You might be wondering why I am writing about tokens in an article about Bitcoin. Consider it just a reminder that any Bitcoin scaling proposal or layer involving a token should be avoided at all costs. Leaving aside the fraudulent nature of the assets, this playbook is a telltale sign of projects that are behind the curve, even by Ethereum standards. I don’t care what technology they claim to work on nor should you care about their execution environment or their zero-knowledge proof. The window is closing for them and we can expect them to scam their “users” at every turn to profit from whatever liquidity they have left in this business. Stay away.

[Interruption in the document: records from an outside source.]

Lemma deep_subst_occ w i r : isApp w = true -> occ i w = true -> isApp r = true ->
  deep (subst_var w i r).
Proof.
  intros hw ho hr. destruct w as [|[y|a1 a2] [z|b1 b2]]; try discriminate; simpl in *;
    try (left; reflexivity); try (right; reflexivity).
  - apply Bool.orb_true_iff in ho.
    destruct ho as [ho|ho]; apply Nat.eqb_eq in ho; subst; rewrite Nat.eqb_refl; auto.
Qed.

Lemma deep_replace_depth2 t b b' q r : in_Pos t (b :: b' :: q) ->
  deep (replace_at t (b :: b' :: q) r).
Proof.
  intros hp. destruct (in_Pos_cons _ _ _ hp) as (a & c & ->).
  unfold in_Pos in hp; simpl in hp.
  destruct b; [right; destruct (in_Pos_cons c b' q hp) as (c1 & c2 & ->)
              | left; destruct (in_Pos_cons a b' q hp) as (a1 & a2 & ->)];
    destruct b'; reflexivity.
Qed.

Lemma deep_below t p : deep t -> in_Pos t p ->
  exists q, in_Pos t q /\ prefix p q /\ forall r, deep (replace_at t q r).
Proof.
  intros hd hp. destruct t as [|a c]; [contradiction|].
  destruct p as [|b [|b' p']].
  - destruct hd as [ha|hc].
    + destruct a as [|a1 a2]; [discriminate|]. exists [false; false].
      split; [unfold in_Pos; simpl; rewrite subterm_nil; discriminate|].
      split; [exists [false; false]; reflexivity | left; reflexivity].
    + destruct c as [|c1 c2]; [discriminate|]. exists [true; false].
      split; [unfold in_Pos; simpl; rewrite subterm_nil; discriminate|].
      split; [exists [true; false]; reflexivity | right; reflexivity].
  - destruct (isApp (if b then a else c)) eqn:hother.
    + exists [b]. split; [exact hp|]. split; [apply prefix_refl|].
      intros r. destruct b; simpl in *; [left | right]; exact hother.
    + assert (hchild : isApp (if b then c else a) = true)
        by (destruct b; simpl in *; destruct hd; congruence).
      destruct (if b then c else a) as [|d1 d2] eqn:hd'; [discriminate|].
      exists [b; false]. split.
      * unfold in_Pos; destruct b; simpl; rewrite hd'; simpl; rewrite subterm_nil; discriminate.
      * split; [exists [false]; reflexivity | intros r; apply deep_replace_depth2].
        unfold in_Pos; destruct b; simpl; rewrite hd'; simpl; rewrite subterm_nil; discriminate.
  - exists (b :: b' :: p'). split; [exact hp|].
    split; [apply prefix_refl | intros r; now apply deep_replace_depth2].
Qed.

Inductive three := zero3 | one3 | two3.

Definition opA3 (x y : three) : three :=
  match x, y with two3, two3 => one3 | _, _ => zero3 end.

Definition S2 : idset := sat opA3.

Lemma opA3_not_two x y : opA3 x y <> two3.
Proof. destruct x, y; discriminate. Qed.

Lemma opA3_zero x y : x <> two3 \/ y <> two3 -> opA3 x y = zero3.
Proof. destruct x, y; simpl; tauto. Qed.

Lemma eval_A3_app t v : isApp t = true -> eval opA3 v t <> two3.
Proof. destruct t; simpl; [discriminate | intros _; apply opA3_not_two]. Qed.

Lemma eval_A3_deep t v : deep t -> eval opA3 v t = zero3.
Proof.
  destruct t as [|a b]; simpl; [tauto|].
  intros [h|h]; apply opA3_zero; [left|right]; now apply eval_A3_app.
Qed.

Lemma S2_var i s : S2 (Var i, s) -> s = Var i.
Proof.
  intros h. destruct s as [j|a b].
  - destruct (Nat.eqb_spec i j) as [->|hne]; [reflexivity|]. exfalso.
    specialize (h (fun n => if Nat.eqb n i then two3 else zero3)). simpl in h.
    rewrite Nat.eqb_refl in h. destruct (Nat.eqb_spec j i); [congruence | discriminate].
  - exfalso. specialize (h (fun _ => two3)). symmetry in h. exact (opA3_not_two _ _ h).
Qed.

Lemma S2_not_shallow_deep i j d : deep d -> ~ S2 (App (Var i) (Var j), d).
Proof.
  intros hd h. specialize (h (fun _ => two3)). simpl in h.
  rewrite eval_A3_deep in h by exact hd. discriminate.
Qed.

Lemma S2_deep t s : deep t -> deep s -> S2 (t, s).
Proof. intros ht hs v. simpl. now rewrite !eval_A3_deep. Qed.

Lemma S2_swap i j : S2 (App (Var i) (Var j), App (Var j) (Var i)).
Proof. intros v. simpl. destruct (v i), (v j); reflexivity. Qed.

Lemma S2_shape t s : S2 (t, s) ->
  t = s \/ (deep t /\ deep s) \/
  exists i j k l, t = App (Var i) (Var j) /\ s = App (Var k) (Var l).
Proof.
  intros h.
  destruct (term_shape t) as [(i & ->) | [(i & j & ->) | ht]];
    [left; symmetry; now apply S2_var|..];
  destruct (term_shape s) as [(k & ->) | [(k & l & ->) | hs]];
    try solve [left; now apply S2_var, sat_sym].
  - right; right; exists i, j, k, l; auto.
  - exfalso; now apply (S2_not_shallow_deep i j s).
  - exfalso; apply (S2_not_shallow_deep k l t); [exact ht | apply sat_sym, h].
  - right; left; auto.
Qed.

(* Deep terms are untouched by essential composition: below each of their
   positions lies a position whose replacement keeps the term deep, hence
   constant in every model of Σ₂. *)
Lemma EPset_S2_deep t r p : deep t -> ~ EPset S2 t r p.
Proof.
  intros hd [[[w [hw _]] _] hall].
  assert (hp : in_Pos t p) by (unfold in_Pos; rewrite hw; discriminate).
  destruct (deep_below t p hd hp) as (q & hq & hpq & hdq).
  apply (not_PEss S2 t q); [|now apply hall].
  apply entails_sat, S2_deep; [apply hdq | apply deep_subst, hdq].
Qed.

Lemma PEss_S2_shallow i j q : in_Pos (App (Var i) (Var j)) q ->
  PEss S2 (App (Var i) (Var j)) q.
Proof.
  intros hq. destruct q as [|b [|b' q]].
  - apply (PEss_root S2 _ opA3 zero3 one3); [intros e h; exact h | discriminate].
  - split; [exact hq|]. exists three, opA3. split; [intros e h; exact h|].
    exists (fun _ => two3), two3, zero3.
    change (fresh (App (Var i) (Var j))) with (S (Nat.max i j)).
    destruct b; simpl; rewrite !upd_eq, !upd_neq by lia; discriminate.
  - exfalso. unfold in_Pos in hq. destruct b; simpl in hq; apply hq; reflexivity.
Qed.

Definition subst_eq_r (r u : term) (n : nat) : term :=
  if excluded_middle_informative (S2 (Var n, r)) then u else Var n.

Lemma ess_comp_shallow i j r u :
  ess_comp S2 (App (Var i) (Var j)) r u =
  if excluded_middle_informative (S2 (App (Var i) (Var j), r)) then u
  else App (subst_eq_r r u i) (subst_eq_r r u j).
Proof.
  unfold ess_comp.
  assert (EP_P : forall p, EPset S2 (App (Var i) (Var j)) r p <->
                           Pset S2 (App (Var i) (Var j)) r p).
  { intros p; split; [intros h; apply h|]. intros h; split; auto.
    intros q hq _; now apply PEss_S2_shallow. }
  destruct (excluded_middle_informative (S2 (App (Var i) (Var j), r))) as [h|h].
  - apply rs_root, EP_P, Pset_root, entails_sat, h.
  - assert (hroot : ~ Pcand S2 (App (Var i) (Var j)) r []).
    { intros [w [hw he]]. rewrite subterm_nil in hw. inversion hw; subst.
      now apply h, entails_sat. }
    rewrite rs_app, !rs_var by (rewrite EP_P; intros [hc _]; contradiction).
    unfold subst_eq_r. f_equal; apply if_em_iff;
      rewrite EP_P, (Pset_child _ _ _ _ _ hroot); apply entails_sat.
Qed.
(* For every $v\equiv 0 \pmod 6$ with $v\ge 18$, there exists a $2$-split decomposition of $K_v^{(3)}-I$ into tight $9$-cycles.
   Context: $K_v^{(3)}$ denotes the complete $3$-uniform hypergraph on $v$ vertices; for $3\mid v$, $K_v^{(3)}-I$ is obtained by deleting the edges of a $1$-factor $I$ (a set of $v/3$ pairwise disjoint triples covering all vertices). A (3-uniform tight) $k$-cycle is given by a cyclic sequence $v_1,\dots,v_k$ of $k$ distinct vertices, its edges being the triples $\{v_i,v_{i+1},v_{i+2}\}$ ($i=1,\dots,k$, indices mod $k$). A decomposition is a collection of cycles whose edge sets partition the edge set. For even $v$ with $3\mid v/2$, a $2$-split decomposition of $K_v^{(3)}-I$ into $k$-cycles is one where the vertex set is partitioned into two sets $V_1,V_2$ of size $v/2$, the $1$-factor is $I=I_1\cup I_2$ with $I_j$ a $1$-factor of $V_j$, and the collection of cycles consists of a $k$-cycle decomposition of $K^{(3)}[V_1]-I_1$, a $k$-cycle decomposition of $K^{(3)}[V_2]-I_2$, and a $k$-cycle decomposition of the hypergraph of all triples meeting both $V_1$ and $V_2$. *)

From mathcomp Require Import all_boot.
Set Implicit Arguments. Unset Strict Implicit. Unset Printing Implicit Defensive.

Section Hyper.
Variable T : finType.

Definition complete3 (V : {set T}) : {set {set T}} :=
  [set e : {set T} | (e \subset V) && (#|e| == 3)].

Definition one_factor (V : {set T}) (I : {set {set T}}) : Prop :=
  partition I V /\ (forall t, t \in I -> #|t| = 3).

Definition cross3 (V1 V2 : {set T}) : {set {set T}} :=
  [set e : {set T} | [&& #|e| == 3, e :&: V1 != set0 & e :&: V2 != set0]].

Definition cyc_edges k (c : k.-tuple T) : {set {set T}} :=
  [set [set tnth c i; tnth c (ordS i); tnth c (ordS (ordS i))] | i : 'I_k].

Definition cycle_decomp k (H : {set {set T}}) (cs : seq (k.-tuple T)) : Prop :=
  (forall c, c \in cs -> uniq c /\ cyc_edges c \subset H) /\
  (forall e, e \in H -> count (fun c => e \in cyc_edges c) cs = 1).

End Hyper.

Definition two_split_decomp (v k : nat) : Prop :=
  exists (V1 V2 : {set 'I_v}) (I1 I2 : {set {set 'I_v}})
         (cs1 cs2 cs12 : seq (k.-tuple 'I_v)),
    [/\ [/\ V1 :&: V2 = set0, V1 :|: V2 = setT, #|V1| = v %/ 2 & #|V2| = v %/ 2],
        one_factor V1 I1, one_factor V2 I2 &
        [/\ cycle_decomp (complete3 V1 :\: I1) cs1,
            cycle_decomp (complete3 V2 :\: I2) cs2 &
            cycle_decomp (cross3 V1 V2) cs12]].

From HB Require Import structures.
From mathcomp Require Import all_boot zify.
Set Implicit Arguments. Unset Strict Implicit. Unset Printing Implicit Defensive.

(* Write v = 6m and cut the vertices into 2m blocks of three consecutive vertices;
   the blocks form the 1-factor, and V1, V2 are the first and the last m blocks.
   Up to the positions of its vertices inside their blocks, an edge is a sorted
   triple b1 <= b2 <= b3 of blocks, not all equal.  Each half is partitioned into
   groups of 3, 4 or 5 consecutive blocks, and the groups into cells of 2 or 3
   blocks.  A block triple is owned by its group if it lies in one; otherwise by
   the two cells of b1 and b3 if b2 lies in one of them; otherwise by itself.  The
   edges with a given owner form a copy of one of eight small hypergraphs: K - I
   on 3, 4 or 5 blocks, the triples meeting both of two sets of 2 or 3 blocks, or
   the tripartite K_{3,3,3}; each of these has an explicit decomposition into tight
   9-cycles, checked by computation.  Copying these along the owners of the edges
   of each of the three hypergraphs gives the 2-split decomposition. *)

(** * Local designs *)

(* A local design on n blocks has points 0, ..., 3n-1, point l lying in block
   l %/ 3; its cycles are sequences of points.  The predicate [adm] selects, by
   the blocks of its points, which triples must be covered exactly once by the
   windows of the cycles; all other triples must be avoided. *)

Definition window (c : seq nat) (i : nat) : seq nat :=
  [:: nth 0 c i; nth 0 c (i.+1 %% size c); nth 0 c (i.+2 %% size c)].

Definition same_elems (s t : seq nat) : bool := all (mem t) s && all (mem s) t.

Definition has_edge (t c : seq nat) : bool :=
  has (fun i => same_elems (window c i) t) (iota 0 (size c)).

Definition adm_triple (adm : nat -> nat -> nat -> bool) (t : seq nat) : bool :=
  if t is [:: x; y; z] then adm (x %/ 3) (y %/ 3) (z %/ 3) else false.
Fixpoint rev_steps (x : V) (s : seq (E * V)) : seq (E * V) :=
  if s is (e, w) :: s' then rcons (rev_steps w s') (e, x) else [::].

Lemma last_anchor_rev_steps (x : V) (s : seq (E * V)) :
  last_anchor (last_anchor x s) (rev_steps x s) = x.
Proof. by case: s => [|[e w] s] //=; rewrite map_rcons last_rcons. Qed.

Lemma walk_steps_rev x s : steps x s -> steps (last_anchor x s) (rev_steps x s).
Proof.
elim: s x => [|[e w] s IH] x //= /and4P [xw xe we Hs].
by rewrite -cats1 walk_steps_cat IH //= last_anchor_rev_steps eq_sym xw xe we.
Qed.

Lemma map_fst_rev_steps (x : V) (s : seq (E * V)) :
  map fst (rev_steps x s) = rev (map fst s).
Proof. by elim: s x => [|[e w] s IH] x //=; rewrite map_rcons IH rev_cons. Qed.

Lemma size_rev_steps (x : V) (s : seq (E * V)) : size (rev_steps x s) = size s.
Proof. by rewrite -(size_map fst) map_fst_rev_steps size_rev size_map. Qed.

Definition closed_walk (W : walk) := is_walk inc W && is_closed W.

Lemma closed_walk_anchors W : closed_walk W -> anchors W =i map snd W.2.
Proof.
case: W => x [|[e w] s] /andP [_ /andP [//= _ /eqP closedW]] y.
have x_anchor : x \in w :: map snd s by rewrite -closedW mem_last.
by rewrite /anchors /= [LHS]in_cons; case: eqP => // ->.
Qed.
Lemma capt1_le_card7 (T : finType) (e : rel T) :
  symmetric e -> #|T| = 7 -> (exists K, capt1_le e K) -> capt1_le e 3.
Proof.
move=> e_sym card_T [K win].
have [v [u vu]] : exists v u, corner e v u by apply: (capt1_le_corner win); rewrite card_T.
pose y0 : {x : T | x != v} := Sub u (corner_neq vu).
have [||sH [sH_uniq sH_full sH_size sH_dism]] :=
  dismantling_exists (n := 5) y0 (del_rel_sym e_sym).
- by rewrite card_del card_T.
- by exists K; exact: (capt1_le_retract e_sym vu win).
pose s := rcons (map val sH) v.
have s_uniq : uniq s := rcons_corner_uniq sH_uniq.
have s_full : forall x, x \in s := rcons_corner_full sH_full.
have s_size : size s = 7 by rewrite size_rcons size_map sH_size.
have s_dism : dismantling e v s := dismantling_rcons_corner vu sH_full v sH_dism.
have s_sH i : i < 6 -> nth v s i = val (nth y0 sH i).
  by move=> i_lt; apply: nth_rcons_corner; rewrite sH_size.
have s_last : nth v s 6 = v by have := nth_rcons_corner_last sH v; rewrite sH_size.
pose f := enum_rel e v s.
have G_adj i j : i < 7 -> j < 7 ->
    look (code_table (code_of f 7) 7) i j = adj e (nth v s i) (nth v s j).
  by apply: look_code_table_enum; rewrite ?s_size.
have H_adj i j : i < 6 -> j < 6 ->
    look (code_table (code_of f 6) 6) i j = adj (del_rel e v) (nth y0 sH i) (nth y0 sH j).
  by move=> i_lt j_lt; rewrite look_code_table_enum ?s_size // adj_del -!s_sH.
have codeH : code_of f 6 \in dismantlable_codes 6.
  by apply: dismantling_code_of; rewrite ?s_size.
move: (allP check7_dismantlable _ codeH); rewrite /check7.
case: ifP => [captH _|_ /allP check].
  apply: (capt1_le_shadow e_sym vu).
  exact: (table_capt_capt1_le sH_uniq sH_full sH_size (is_table_code_table _ _) H_adj).
have last_row : [seq f k 6 | k <- iota 0 6] \in bitseqs 6.
  by have := mem_bitseqs [seq f k 6 | k <- iota 0 6]; rewrite size_map size_iota.
move: (check _ last_row); rewrite -code_of_rcons.
rewrite (table_corner_corner s_uniq s_full s_size G_adj (i := 6) (u := u)) ?s_last //.
exact: (table_capt_capt1_le s_uniq s_full s_size (is_table_code_table _ _) G_adj).
Qed.

Lemma capt1_le_card_sub4 n (T : finType) (e : rel T) :
  symmetric e -> #|T| = n -> 7 <= n -> (exists K, capt1_le e K) -> capt1_le e (n - 4).
Proof.
elim: n T e => [//|n IH] T e e_sym card_T n_ge7 [K win].
have [n7 | n_gt7] := eqVneq n.+1 7.
  by rewrite n7 in card_T *; apply: capt1_le_card7 => //; exists K.
have [v [u vu]] : exists v u, corner e v u.
  by apply: (capt1_le_corner win); rewrite card_T; lia.
have -> : n.+1 - 4 = (n - 4).+1 by lia.
apply: (capt1_le_shadow e_sym vu); apply: IH.
- exact: del_rel_sym.
- by rewrite card_del card_T.
- by move: n_ge7 n_gt7; lia.
- by exists K; exact: (capt1_le_retract e_sym vu win).
Qed.

Section ManyRobbers.
Variables (T : finType) (e : rel T) (m : nat).
Local Notation cop_wins := (@cop_wins_within T e m).

Lemma cop_wins_within_mono k c R : cop_wins k c R -> forall k', k <= k' -> cop_wins k' c R.
Proof.
elim=> {k c R} [k c R R0 k' _|k c R c' cc' win IH [|k'] // le_kk'].
  exact: cww_done.
by apply: (@cww_step _ _ _ k' c R c') => // R2 move; apply: IH.
Qed.

Definition alive (R : 'I_m -> option T) : {set 'I_m} := [set i | R i != None].

Lemma alive_capture c R : alive (capture c R) \subset alive R.
Proof. by apply/subsetP => i; rewrite !inE /capture; case: ifP. Qed.

Lemma alive_move R R2 : robber_move e R R2 -> alive R2 \subset alive R.
Proof.
by move=> move; apply/subsetP => i; rewrite !inE; have := move i; case: (R i) => // ->.
Qed.

Lemma alive_round c R R2 :
  robber_move e (capture c R) R2 -> alive (capture c R2) \subset alive R.
Proof.
move=> move; apply: subset_trans (alive_capture _ _) _.
exact: subset_trans (alive_move move) (alive_capture _ _).
Qed.

Lemma cop_wins_within_alive0 k c R : alive R = set0 -> cop_wins k c R.
Proof.
move=> R0; apply: cww_done => i; apply/eqP.
by have := in_set0 i; rewrite -R0 inE => /negbFE.
Qed.

Lemma cop_wins_within_walk d c c0 B R : within e d c c0 ->
  (forall R', alive R' \subset alive R -> cop_wins B c0 R') -> cop_wins (d + B) c R.
Proof.
elim: d c R => [|d IH] c R /existsP[[p p_size] /andP[walk /eqP walk_end]] win.
  by move: p_size walk walk_end; case: p => //= _ _ ->; apply: win.
move: p_size walk walk_end; case: p => [|x p] //= p_size /andP[cx walk] walk_end.
rewrite addSn; apply: (@cww_step _ _ _ (d + B) c R x) => // R2 move.
have alive_R2 := alive_round move.
apply: IH => [|R' R'R2]; last exact/win/(subset_trans R'R2).
by apply/existsP; exists (Tuple p_size); rewrite /= walk walk_end eqxx.
Qed.

Lemma cop_wins_within_chase k c R i r J : R i = Some r -> catch_in e k c r ->
  (forall c' R', alive R' \subset alive R -> i \notin alive R' -> cop_wins J c' R') ->
  cop_wins (k + J) c R.
Proof.
elim: k c R r => [//|k IH] c R r Ri; rewrite catch_inS => /existsP[c' /andP[cc' win]] cont.
rewrite addSn; apply: (@cww_step _ _ _ (k + J) c R c') => // R2 move.
have alive_R2 := alive_round move.
have caught : capture c' R2 i = None -> cop_wins (k + J) c' (capture c' R2).
  move=> R2i; apply: cop_wins_within_mono (leq_addl _ _).
  by apply: cont; rewrite // inE R2i.
have [rc'|rc'] := eqVneq r c'.
  apply: caught; have := move i; rewrite /capture Ri rc' eqxx => R2i.
  by rewrite R2i.
have := move i; rewrite /capture Ri eq_Some (negbTE rc') => -[w R2i rw].
have [wc'|wc'] := eqVneq w c'; first by apply: caught; rewrite /capture R2i wc' eqxx.
move: win; rewrite eq_sym (negbTE rc') orFb => /forallP /(_ w).
rewrite rw (negbTE wc') /= => win.
apply: (IH c' _ w) => [|//|c'' R' R'R2]; first by rewrite /capture R2i eq_Some (negbTE wc').
by move=> iR'; apply: cont => //; apply: subset_trans R'R2 _; apply: alive_R2.
Qed.

Lemma cop_wins_within_alive M D c0 :
  (forall r, catch_in e M c0 r) ->
  (forall c, exists2 d, d <= D & within e d c c0) ->
  forall a R, #|alive R| <= a -> cop_wins (a * M + a.-1 * D) c0 R.
Proof.
move=> catch back; elim=> [|a IH] R alive_le.
  by apply: cop_wins_within_alive0; apply/eqP; rewrite -cards_eq0 -leqn0.
have [/cop_wins_within_alive0 //|[i]] := set_0Vmem (alive R).
rewrite inE; case Ri: (R i) => [r|] // _.
have -> : a.+1 * M + a.+1.-1 * D = M + (a * M + a * D) by rewrite mulSn /=; lia.
apply: (cop_wins_within_chase Ri (catch r)) => c' R' R'R iR'.
have [/cop_wins_within_alive0 //|[j jR']] := set_0Vmem (alive R').
have alive_lt : #|alive R'| < #|alive R|.
  by apply/proper_card/properP; split=> //; exists i; rewrite // inE Ri.
have a_gt0 : 0 < a.
  have alive_gt0 : 0 < #|alive R'| by apply/card_gt0P; exists j.
  by move: alive_lt alive_le alive_gt0; lia.
have [d d_le walk] := back c'.
have walk_win : cop_wins (d + (a * M + a.-1 * D)) c' R'.
  apply: (cop_wins_within_walk walk) => R'' R''R'; apply: IH.
  by move: (subset_leq_card R''R') alive_lt alive_le; lia.
apply: (cop_wins_within_mono walk_win).
by case: a a_gt0 {IH alive_le alive_lt walk_win} => [//|a] _ /=; rewrite mulSn; lia.
Qed.

End ManyRobbers.

Lemma within_dist (T : finType) (e : rel T) c y :
  connect e c y -> within e (dist e c y) c y.
Proof.
move/connectP => [p walk ->]; case: (shortenP walk) => p' walk' p'_uniq _.
have p'_lt : size p' < #|T|.
  by have := max_card (mem (c :: p')); rewrite (card_uniqP p'_uniq).
have within_p' : within e (size p') c (last c p').
  apply/existsP; exists (in_tuple p'); rewrite /= eqxx andbT.
  by apply: sub_path walk' => x z xz; rewrite /adj xz orbT.
have has_within : has (fun k => within e k c (last c p')) (iota 0 #|T|).
  by apply/hasP; exists (size p'); rewrite // mem_iota.
have dist_lt : dist e c (last c p') < #|T|.
  by rewrite -[X in _ < X](size_iota 0 #|T|) -has_find.
by have := nth_find 0 has_within; rewrite nth_iota.
Qed.

Lemma dist_le_diam (T : finType) (e : rel T) c y : dist e c y <= diam e.
Proof. exact: leq_trans (leq_bigmax y) (leq_bigmax c). Qed.

Theorem mainTheorem2 (T : finType) (e : rel T) (e_sym : symmetric e)
  (e_conn : forall x y : T, connect e x y) (hn : 7 <= #|T|)
  (hcw : copwin e) (m : nat) (hm : 1 <= m) :
  capt_le e m ((m - 1) * diam e + m * (#|T| - 4)).
Proof.
have [|c0 win] := capt1_le_card_sub4 e_sym (erefl #|T|) hn.
  by case: hcw => N /capt_le1_capt1_le; exists N.
have catch r : catch_in e (#|T| - 4) c0 r.
  have [-> |/win //] := eqVneq r c0.
  have -> : #|T| - 4 = (#|T| - 5).+1 by lia.
  exact/catch_in_adj/adjxx.
have back c : exists2 d, d <= diam e & within e d c c0.
  by exists (dist e c c0); [apply: dist_le_diam | apply: within_dist].
exists c0 => R0; rewrite addnC subn1.
by apply: cop_wins_within_alive catch back _ _ _; rewrite -[m in _ <= m]card_ord max_card.
Qed.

Ethereum's Identity Crisis

He Bitcoin Layers The platform reported yesterday that more than half of the current scaling proposals for Bitcoin planned to use Ethereum's EVM as a technology platform. I don't know what to do with this number. It's probably generous to associate any of them with Bitcoin, but the market is clearly interested in exploring this idea.

This is especially telling when you consider the volatile state of Ethereum right now. Let's not call it a civil war just yet, but some battle lines are being drawn and the outcome will be telling for its accumulation-focused roadmap. I previously laid out The case of the fragmentation of the Ethereum network. Suffice it to say that things are rapidly deteriorating and the project is once again facing serious debate and introspection.

On the one hand, a group of developers advocates for the consecration of accumulated operations in the protocol to consolidate economic activity and improve user experience. Another group is raising questions on the initiative that claims it would be Further centralize MEV extraction and affect resistance to censorship. It's looking more and more like Vitalik might need to pull another rabbit out of his hat.

Combined with the commoditization fatigue of EVM runtimes, the previously held modular thesis is starting to look pretty dimAt the very least, the original manual no longer appears to hold up and the narratives are changing again.

The timing for this might be better for emerging Bitcoin layers that are starting to look pretty dated by industry standards, and they haven't even launched yet!

Memetic exhaustion

You would never see me as pessimistic about memes, but they move in cycles and the latest version has lost some of its luster. While I’m not ready to say that this new meme paradigm has peaked, it is another example of Bitcoin’s new layers being late to the show. Without tokens for cats and dogs, what market exists for all the infrastructure being built?

The ground is shifting under the feet of a new generation of Bitcoin developers. I suspect that those who decided to take the long route of putting in the work will have a better chance of making it to the other end of this bull market. This will require learning valuable lessons from the experiments being carried out on other sides of the pond. It seems that patience is warranted given the rapidly evolving situation.